Most of the parameters are straightforward, however the "number of allocations" parameter usually requires some experimentation to find a value that works well. The main purpose of this parameter is to force the program to run long enough to get meaningful timing results, since the resolution of the timer used (GetTickCount) is only 10ms on NT and about 50ms on Win98. Most importantly, if the number of allocations is too small, the threads will not run long enough to conflict with one another. (That is, the thread functions will run sequentially instead of concurrently.)
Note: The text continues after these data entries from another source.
(* Let $s\geqslant1$. The Beth model $\mathcal{B}_s$ forces (at its root) the universal closures of all instances, with types $\leqslant s$, of the following axioms for lawless functionals ($1\leqslant n\leqslant s$): (LL1) $\exists\mathcal F^n(\forall y\leqslant x)(\mathcal F(y)=F^n(y))$; (LL2) $\mathcal F^n=\mathcal G^n\vee\mathcal F^n\neq\mathcal G^n$; (LL3) $\varphi(\mathcal H^n)\supset\exists x\forall\mathcal G^n[(\forall y<x)(\mathcal G(y)=\mathcal H(y))\supset\varphi(\mathcal G)]$, for every formula $\varphi$ of $LP_s$ with $sort(\varphi)\leqslant n$ having no free variables of type $n$ over non-lawlike functionals other than $\mathcal H^n$.
   Context: $sort(\varphi)$ is the maximal type of the free variables of $\varphi$ (0 if none); number variables have type 0, functional variables $F^n,A^n,\mathcal F^n$ have type $n$; non-lawlike variables of type $n$ are the $F^n$ and $\mathcal F^n$. Language $L_s$ ($s\geqslant1$). Variables: $x,y,z,\dots$ of type 0 (natural numbers); for $1\leqslant n\leqslant s$, variables $F^n,G^n,\dots$ (over $n$-functionals), $A^n,B^n,\dots$ (over lawlike $n$-functionals), $\mathcal{F}^n,\mathcal{G}^n,\dots$ (over lawless $n$-functionals). Constants $0$, $K^n$. Terms/$n$-functionals: number variables and $0$ are terms; type-$n$ variables and $K^n$ are $n$-functionals; $St,t+\tau,t\cdot\tau$ terms; $N^n(Z)$ an $n$-functional; $Z(t)=Ap^1(Z,t)$ a term for a 1-functional $Z$; $Z(t)=Ap^{n+1}(Z,t)$ an $n$-functional for an $(n+1)$-functional $Z$. Atomic formulas $t=_0\tau$, $Z=_nV$; formulas with $\bot,\wedge,\vee,\supset,\forall,\exists$, $\neg\varphi:=\varphi\supset\bot$. $LP_s$ adds atomic formulas $\vdash_z\varphi(\bar X)$ for terms $z$ and formulas $\varphi$ of $L_s$ with free variables in $\bar X$. Beth model $\mathcal{B}_s$. Path = maximal linearly ordered subset; path through $x$ = path containing $x$. $b^{(m)}$: length-$m$ sequences; $b^*$: finite sequences, $y\leqslant x$ iff $x$ is an initial segment of $y$. $a_0=\omega$, $d_0=\{\langle x\rangle:x\in\omega^*\}$, $\langle x\rangle\preccurlyeq_0\langle y\rangle$ iff $x\leqslant y$. For $k\geqslant1$: $a_k$ = partial $f:d_{k-1}\times\omega\dashrightarrow a_{k-1}$, monotonic ($y\preccurlyeq_{k-1}x\Rightarrow f(x,\cdot)\subseteq f(y,\cdot)$) and complete (for each path $S$ in $d_{k-1}$, $\bigcup_{x\in S}f(x,\cdot)$ total); $d_k=\bigcup_m a_0^{(m)}\times\dots\times a_k^{(m)}$, $x\preccurlyeq_ky$ iff $\langle x\rangle_i\leqslant\langle y\rangle_i$ for $i\leqslant k$, $lh(x)=m$. Nodes $M=d_{s-1}$, $\preccurlyeq=\preccurlyeq_{s-1}$, root $\varepsilon$; $\bar\alpha(k)=\langle\alpha_0,\dots,\alpha_{k-1}\rangle\in d_{k-1}$. Domains: $\omega$; $a_k$; $b_k=\{f\in a_k:f(\text{root},\cdot)\text{ total}\}$; $l_k=\{\nu_k(\xi):\xi\in c_k\}$, $c_k$ = maps $\xi:\omega\times a_{k-1}\to a_{k-1}$ with each $\xi(n,\cdot)$ bijective, $\nu_k(\xi)(x,n)=\xi(n,\langle\langle x\rangle_{k-1}\rangle_n)$ if $n<lh(x)$, else undefined. Interpretations: $\widehat K^1(x,n)=0$, $\widehat K^{k+1}(x,n)=\widehat K^k$; usual $0,S,+,\cdot$; $N^k\mapsto S^k$ ($S^0(x)=x+1$, $S^{n+1}(f)=S^n\circ f$); at $\alpha$, $Ap^k(f,n)\mapsto f(\bar\alpha(k),n)$; $Z^{[\alpha]}$ is the possibly undefined value. $Val(\alpha,Z=_kV)=T$ iff both defined and equal; $Val(\alpha,\vdash_t\varphi)=T$ iff $t^{[\alpha]}$ defined and some $\gamma\succcurlyeq\alpha$ with $lh(\gamma)=t^{[\alpha]}$ forces $\varphi$. Forcing (Beth): atomic: every path through $\alpha$ meets $\beta$ with $Val=T$; $\alpha\not\Vdash\bot$; $\wedge$ componentwise; $\vee$ and $\exists$: every path through $\alpha$ meets a node forcing a disjunct / an instance $\psi(c)$; $\supset$: every $\beta\preccurlyeq\alpha$ forcing the antecedent forces the consequent; $\forall$: all instances forced at $\alpha$. $\mathcal B_s\Vdash\varphi$ iff $\varepsilon\Vdash\varphi$. *)

From Stdlib Require Import Arith Bool List ClassicalEpsilon.
Import ListNotations.

(* R k  : raw k-functionals (R 0 = nat);
                 Tup k : raw tuples (x_0,...,x_k) of lists, x_i : list (R i).
   R (S k) = Tup k -> nat -> option (R k)   (partial maps d_k x w -> a_k). *)
Fixpoint RT (k : nat) : Type * Type :=
  match k with
  | 0 => @pair Type Type nat (list nat)
  | S k' => @pair Type Type (snd (RT k') -> nat -> option (fst (RT k')))
             (snd (RT k') * list (snd (RT k') -> nat -> option (fst (RT k'))))%type
  end.
Definition R (k : nat) : Type := fst (RT k).
Definition Tup (k : nat) : Type := snd (RT k).

Definition lastc (k : nat) : Tup k -> list (R k) :=
  match k return Tup k -> list (R k) with
  | 0 => fun x => x
  | S k' => fun x => snd x
  end.
Definition lh (k : nat) (x : Tup k) : nat := length (lastc k x).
Figure 1 shows the results of the first experiment on NT 4. The results for Win98 are not shown here, but follow the same trend. (All test data is supplied with the code that accompanies this article. See p.3 for downloading instructions.) In this experiment, I used 200K allocations per thread on NT (20K on Win98), a 1 KB allocation size, and varied the number of threads. The results show a dramatic increase in performance using a private heap per thread with small memory allocations. Notice that the performance when using a single-process heap grows exponentially worse as the number of threads increases. Keep in mind that the threads are doing the same amount of work in both cases. Therefore, the difference in performance is solely attributable to heap-contention delay.

The results of the second experiment, in Figure 2, show that private heaps don't necessarily improve performance for all memory allocation sizes. Under NT, the operating-system overhead of returning allocations greater than 61,432 bytes exceeds the heap-contention delay, so there is not much benefit to using a private heap per thread in this case. (Under Win98, this crossover point occurs at an allocation size of 4,080 bytes.)

Figure 3 shows the results of the last experiment run on NT, in which the number of threads remains constant at four and allocation size varies from 1 KB to 64 KB. For allocations of less than 1 KB, there is no appreciable difference in performance between single versus private heaps. However, for allocations from 1 KB to just less than 64 KB, using private heaps is 9 to 43 times faster. Under Win98, private heaps outperformed the single-heap case by a factor of 7 to 13 for allocations from 16 bytes to 4 KB, but performed only marginally better for larger allocations. Note that in all of the experiments, while the exact values differ between NT and Win98, the overall shapes of the plots are very similar.

While the test application is extreme in its use of the heap — all it does is allocate and free memory — minimizing contention for the heap can yield some performance improvements, especially as the number of threads increases.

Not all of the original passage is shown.